DataStream API 提供流处理较低层次的、原始的编程API,例如时间、状态和数据流管理,而Table API则在此基础上抽象出许多内部构件,提供结构化和声明式API。
两种API都可以处理有界或无界流。为了提高效率,两种API都分别提供了优化的批执行模式,然而因为批式一种特殊的流,所以可以在一个标准流执行模式运行有界流。
两种API不需相互依赖,可以分别独自定义完整的数据流管道,但是在实际使用过程种,为了各种便利的原因可以混合使用他们:
相比与DataStream API ,Table 生态系统在访问目录和外部系统更加方便
而无状态数据的规范换和清洗使用SQL的方法更加方便
如果要用定时器等可以转换成DataStream
虽然在两种API之间转化过程中有一定的资源被消耗,但是这种消耗可以忽略不计。
1. DataStream 和Table之间的转换
为了和DataStream API整合,Flink提供了专门的SteamTableEnvironment。

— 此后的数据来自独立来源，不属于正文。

Lemma vunit_scale_neg r v : dot v v = 1 -> r < 0 -> vunit (vscale r v) = vscale (-1) v.
Proof.
  intros Hv Hr; unfold vunit, vnorm.
  rewrite dot_scale_l, dot_comm, dot_scale_l, Hv, Rmult_1_r.
  replace (r * r) with (- r * - r) by ring; rewrite sqrt_square by lra.
  apply vec3_eq; unfold vscale, mkv, vx, vy, vz; cbn; field; lra.
Qed.

(** * Derivatives of vector fields *)

(* Coquelicot's [is_derive_mult], [continuous_plus], ... are stated with the generic [mult] and
   [plus], which unification does not match against [Rmult] and [Rplus]. *)
Lemma is_derive_Rmult (f g : R -> R) s df dg :
  is_derive f s df -> is_derive g s dg ->
  is_derive (fun t => f t * g t) s (df * g s + f s * dg).
Proof. intros Hf Hg; exact (is_derive_mult f g s df dg Hf Hg Rmult_comm). Qed.

Lemma is_derive_Rplus (f g : R -> R) s df dg :
  is_derive f s df -> is_derive g s dg -> is_derive (fun t => f t + g t) s (df + dg).
Proof. exact (is_derive_plus f g s df dg). Qed.

Lemma is_derive_Rminus (f g : R -> R) s df dg :
  is_derive f s df -> is_derive g s dg -> is_derive (fun t => f t - g t) s (df - dg).
Proof. exact (is_derive_minus f g s df dg). Qed.

Lemma continuous_Rplus (f g : R -> R) s :
  continuous f s -> continuous g s -> continuous (fun t => f t + g t) s.
Proof. exact (continuous_plus f g s). Qed.

Lemma continuous_Rminus (f g : R -> R) s :
  continuous f s -> continuous g s -> continuous (fun t => f t - g t) s.
Proof. exact (continuous_minus f g s). Qed.

Lemma continuous_Rmult (f g : R -> R) s :
  continuous f s -> continuous g s -> continuous (fun t => f t * g t) s.
Proof. exact (continuous_mult f g s). Qed.

Lemma is_derive_val (f : R -> R) (s l l' : R) : is_derive f s l -> l = l' -> is_derive f s l'.
Proof. intros H <-; exact H. Qed.

Definition vcontinuous (X : R -> vec3) (s : R) : Prop :=
  continuous (fun t => vx (X t)) s /\ continuous (fun t => vy (X t)) s /\
  continuous (fun t => vz (X t)) s.

Lemma vderiv_continuous X s X' : vderiv X s X' -> vcontinuous X s.
Proof.
  intros (H1 & H2 & H3); repeat split;
    apply (ex_derive_continuous (V := R_NormedModule)); eexists; eassumption.
Qed.

Lemma vcontinuous_const (e : vec3) s : vcontinuous (fun _ => e) s.
Proof. repeat split; apply continuous_const. Qed.

Lemma vcontinuous_dot X Y s :
  vcontinuous X s -> vcontinuous Y s -> continuous (fun t => dot (X t) (Y t)) s.
Proof.
  intros (H1 & H2 & H3) (G1 & G2 & G3); unfold dot.
  apply continuous_Rplus; [apply continuous_Rplus |]; apply continuous_Rmult; assumption.
Qed.

Lemma vcontinuous_cross X Y s :
  vcontinuous X s -> vcontinuous Y s -> vcontinuous (fun t => cross (X t) (Y t)) s.
Proof.
  intros (H1 & H2 & H3) (G1 & G2 & G3); unfold cross, mkv, vx, vy, vz; cbn.
  repeat split; apply continuous_Rminus; apply continuous_Rmult; assumption.
Qed.

Lemma vderiv_unique X s A B : vderiv X s A -> vderiv X s B -> A = B.
Proof.
  intros (H1 & H2 & H3) (G1 & G2 & G3); apply vec3_eq.
  - now rewrite <- (is_derive_unique _ _ _ H1), <- (is_derive_unique _ _ _ G1).
  - now rewrite <- (is_derive_unique _ _ _ H2), <- (is_derive_unique _ _ _ G2).
  - now rewrite <- (is_derive_unique _ _ _ H3), <- (is_derive_unique _ _ _ G3).
Qed.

这些环境使用额外的方法扩展了常规的TableEnvironment,并以DataStream API中使用的StreamExecutionEnvironment作为参数。
下面是一个简单的Table-to-Stream转换的示例,Table的列名和类型都是从DataStream的TypeInformation 中派生出来的,而DataSteam API不支持更新流,所以在stream-to-table和table-to-stream转换过程中,仅假设是append-only/insert-only语义。

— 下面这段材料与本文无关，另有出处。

Lemma rat_conj_cay_iso (gT : finGroupType) (G : {group gT}) (S S' : {set {set gT}})
    (X Y : {set gT}) :
  is_Sring G S -> cay_iso G S S' ->
  {in S' &, forall X' Y', <<X'>> = G -> <<Y'>> = G -> #|X'| = #|Y'| -> rat_conj G X' Y'} ->
  X \in S -> Y \in S -> <<X>> = G -> <<Y>> = G -> #|X| = #|Y| -> rat_conj G X Y.
Proof.
case=> partS _ _ _ [f AutGf defS'] S'rc SX SY gen_X gen_Y card_XY.
have sub Z : Z \in S -> Z \subset G.
  by move=> SZ; case/and3P: partS => /eqP <- _ _; apply: bigcup_sup.
have S'f Z : Z \in S -> f @: Z \in S' by move=> SZ; rewrite -defS' imset_f.
have gen_f Z : Z \in S -> <<Z>> = G -> <<f @: Z>> = G.
  move=> SZ gen_Z; have fZ : autm AutGf @* Z = f @: Z by rewrite morphimEsub ?sub.
  by rewrite -fZ -morphim_gen ?sub // gen_Z im_autm.
apply: (rat_conj_autm AutGf (sub X SX)); apply: S'rc; rewrite ?S'f ?gen_f //.
by rewrite !card_imset //; apply: perm_inj.
Qed.

Definition Kmx (i : nat) : seq mx3 * seq mx3 :=
  (match i with
  | 2 => ([:: (2, 0, 0, 1); (1, 0, 0, 2)], [:: (2, 0, 0, 2)])
  | 3 => ([:: (1, 0, 1, 1)], [::])
  | 4 => ([:: (2, 0, 1, 2)], [:: (2, 0, 0, 2)])
  | 5 => ([:: (2, 0, 1, 2)], [::])
  | 6 => ([:: (0, 2, 1, 0); (0, 1, 1, 0)], [:: (2, 0, 0, 2); (2, 0, 0, 1)])
  | 9 => ([:: (1, 1, 2, 1)], [:: (0, 2, 1, 0)])
  | 10 => ([:: (1, 1, 2, 1)], [:: (2, 0, 0, 2)])
  | 11 => ([:: (1, 1, 2, 1)], [::])
  | _ => ([::], [::])
  end)%N.

Lemma Kpair_Kmx (gT : finGroupType) (a b : gT) i : i \in [:: 2; 3; 4; 5; 6; 9; 10; 11] ->
  Kpair i a b = (map (pair_mx a b) (Kmx i).1, map (pair_mx a b) (Kmx i).2).
Proof.
rewrite !inE => /or4P [| | | /or4P [| | | /orP []]] /eqP -> /=;
  by rewrite /ab ?expg0 ?expg1 ?mulg1 ?mul1g.
Qed.

Lemma Kmx_ok_lines : all (fun i => Kmx_ok (Kmx i).1 (Kmx i).2) [:: 2; 3; 4; 5; 6; 9; 10; 11].
Proof. by vm_compute. Qed.

Theorem lemma3p6 (gT : finGroupType) (E P G : {group gT}) (a b : gT) (p : nat)
  (i : nat) (M M0 : {group {perm gT}})
  (psi : {morphism Kgrp E a b i / K0grp E a b i >-> coset_of M0})
  (S : {set {set gT}}) (X Y : {set gT}) :
  prime p -> 5 <= p ->
  <[a]> \x <[b]> = E -> #[a] = 3 -> #[b] = 3 ->
  #|P| = p -> E \x P = G ->
  i \in [:: 2; 3; 4; 5; 6; 9; 10; 11] ->
  M \subset Aut P ->
  #|Kgrp E a b i : K0grp E a b i| %| #|M| ->
  M0 \subset M -> #|M : M0| = #|Kgrp E a b i : K0grp E a b i| ->
  isom (Kgrp E a b i / K0grp E a b i) (M / M0) psi ->
  is_Sring G S ->
  cay_iso G S (cyc_sets E P G (Wset (Kgrp E a b i) (K0grp E a b i) M M0 psi)) ->
  X \in S -> Y \in S -> <<X>> = G -> <<Y>> = G -> #|X| = #|Y| ->
  rat_conj G X Y.
Proof.
move=> pr_p p_ge5 defE oa ob cardP defG line_i sMA _ sM0M iKM isoK SringS cayS.
have ok_i : Kmx_ok (Kmx i).1 (Kmx i).2 := allP Kmx_ok_lines i line_i.
have [defK defK0] : Kgrp E a b i :=: gen_auts E a b (map (pair_mx a b) (Kmx i).1) /\
                    K0grp E a b i :=: gen_auts E a b (map (pair_mx a b) (Kmx i).2).
  by rewrite /Kgrp /K0grp (Kpair_Kmx a b line_i).
have sKA : Kgrp E a b i \subset Aut E by rewrite defK gen_auts_Aut.
have sK0K : K0grp E a b i \subset Kgrp E a b i by rewrite defK defK0 gen_auts_mx_sub.
apply: (rat_conj_cay_iso SringS cayS) => _ _ /imsetP [x Gx ->] /imsetP [y Gy ->].
exact: (worb_rat_conj defE oa ob pr_p p_ge5 cardP defG sKA sK0K sMA sM0M iKM isoK
  defK defK0 ok_i Gx Gy).
Qed.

import org.apache.flink.api.scala._
import org.apache.flink.streaming.api.scala.{DataStream, StreamExecutionEnvironment}
import org.apache.flink.table.api._
import org.apache.flink.table.api.bridge.scala.StreamTableEnvironment
import org.apache.flink.types.Row
val env: StreamExecutionEnvironment = StreamExecutionEnvironment.getExecutionEnvironment
val tableEvn: StreamTableEnvironment = StreamTableEnvironment.create(env)
val inputTable: DataStream[String] = env.fromElements("Alice", "Bob", "John")

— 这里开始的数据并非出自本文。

Lemma compm_mod n (A : 'M[bool]_n.+1) d a b Ma Mb :
  0 < d -> d <= n.+1 -> d %| a + b ->
  (forall m, Ma <= m -> forall i j : 'I_n.+1, bpow A m i j = (i + m * a == j %[mod d])) ->
  (forall m, Mb <= m -> forall i j : 'I_n.+1, bpow A^T%R m i j = (i + m * b == j %[mod d])) ->
  forall m, Ma + Mb <= m -> compm A m = (\matrix_(i, j) (i == j %[mod d]))%R.
Proof.
move=> d_gt0 le_dn dvd_ab powA powAT m le_Mm; apply/matrixP => i j; rewrite !mxE.
have {le_Mm}[le_Ma le_Mb] : Ma <= m /\ Mb <= m by lia.
have /eqP dvd_mab : d %| m * (a + b) by rewrite dvdn_mull.
apply/existsP/eqP => [[k /andP []]|eq_ij].
  rewrite powA // powAT // => /eqP ik /eqP kj.
  by rewrite -kj -modnDml -ik modnDml -addnA -mulnDr -modnDmr dvd_mab addn0.
have lt_kn : (i + m * a) %% d < n.+1 by rewrite (leq_trans _ le_dn) ?ltn_pmod.
exists (inord ((i + m * a) %% d)); rewrite powA // powAT // inordK //.
by rewrite modn_mod eqxx modnDml -addnA -mulnDr -modnDmr dvd_mab addn0 eq_ij /=.
Qed.

Lemma is_competition_period_const n (A C : 'M[bool]_n) M :
  (forall m, M <= m -> compm A m = C) -> is_competition_period A 1.
Proof.
move=> compmC.
pose P q := (0 < q) && [forall k : 'I_M.+1, (q <= k) ==> (compm A k == C)].
have PE q : P q -> forall k, q <= k -> compm A k = C.
  case/andP => _ /forallP PC k le_qk; have [le_kM|/ltnW] := leqP k M; last exact: compmC.
  by have := PC (inord k); rewrite inordK // le_qk => /eqP.
have cip_const q : comp_index_prop A q -> forall k, q <= k -> compm A k = C.
  case=> r r_gt0 per k le_qk.
  have per_k t : compm A k = compm A (k + t * r).
    elim: t => [|t ->]; first by rewrite addn0.
    have := per (k - q + t * r).
    rewrite (_ : q + _ = k + t * r); last by lia.
    by rewrite (_ : q + r + _ = k + t.+1 * r) // mulSn; lia.
  by rewrite (per_k M) compmC //; nia.
have [|q Pq q_min] := ex_minnP (_ : exists q, P q).
  by exists M.+1; apply/andP; split => //; apply/forallP => k; rewrite leqNgt ltn_ord.
have q_gt0 : 0 < q by case/andP: Pq.
exists q; split; last by split=> //; rewrite !(PE q Pq) ?leq_addr.
split=> //; split.
  by exists 1 => // i; rewrite !(PE q Pq) //; lia.
move=> q' q'_gt0 /cip_const q'_const; apply: q_min; rewrite /P q'_gt0.
by apply/forallP => k; apply/implyP => le_q'k; rewrite q'_const.
Qed.

Lemma class_sizesE N d :
  class_sizes N d = [seq count (fun u => u %% d == k) (iota 0 N) | k <- iota 0 d].
Proof.
rewrite /class_sizes [iota 1 d](iotaDl 1 0) -map_comp; apply/eq_in_map => k.
rewrite mem_iota add0n /= => lt_kd.
rewrite (iotaDl 1 0) count_map; apply: eq_count => u /=.
by rewrite eqn_modDl (modn_small lt_kd).
Qed.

// 默认临时表的字段名(默认f0,f1,...)和字段类型皆来自源Datastream
tableEvn.createTemporaryView("InputTable", inputTable)
// 用户自定义字段名及字段类型,如下面的自定义schema
val schema = Schema.newBuilder().column("name", DataTypes.STRING()).build()
// tableEvn.createTemporaryView("InputTable2", inputTable, schema) // 这种shema怎么用呢?
val resultTable: Table = tableEvn.sqlQuery("select * from InputTable")
// 也可以从已定义Table创建临时表
tableEvn.createTemporaryView("InputTable3", resultTable)
val resultTable3: Table = tableEvn.sqlQuery("select * from InputTable3")
val resultStream: DataStream[Row] = tableEvn.toDataStream(resultTable)
val resultStream3: DataStream[Row] = tableEvn.toDataStream(resultTable3)
resultStream.print()
resultStream3.print()
env.execute()
可以看到打印结果+I表示 insert操作:
4> +I[John]
4> +I[Bob]
3> +I[Alice]
3> +I[Bob]
1> +I[John]
2> +I[Alice]
下面是更新表转换为流的示例,每个结果行都会带一个标记,可以使用 row.getKind()方法获得。
import org.apache.flink.api.scala.typeutils.Types
import org.apache.flink.streaming.api.scala.{DataStream, StreamExecutionEnvironment}
import org.apache.flink.table.api.Table
import org.apache.flink.table.api.bridge.scala.StreamTableEnvironment
import org.apache.flink.types.Row
val env: StreamExecutionEnvironment = StreamExecutionEnvironment.getExecutionEnvironment
val tableEnv: StreamTableEnvironment = StreamTableEnvironment.create(env)
val dataStream: DataStream[Row] = env.fromElements(
Row.of("Alice", Int.box(12))
, Row.of("Bob", Int.box(10))
, Row.of("Alice", Int.box(100))
)(Types.ROW(Types.STRING, Types.INT))
// as 重新命名字段名称
val inputTable: Table = tableEnv.fromDataStream(dataStream).as("name", "score")
tableEnv.createTemporaryView("InputTable", inputTable)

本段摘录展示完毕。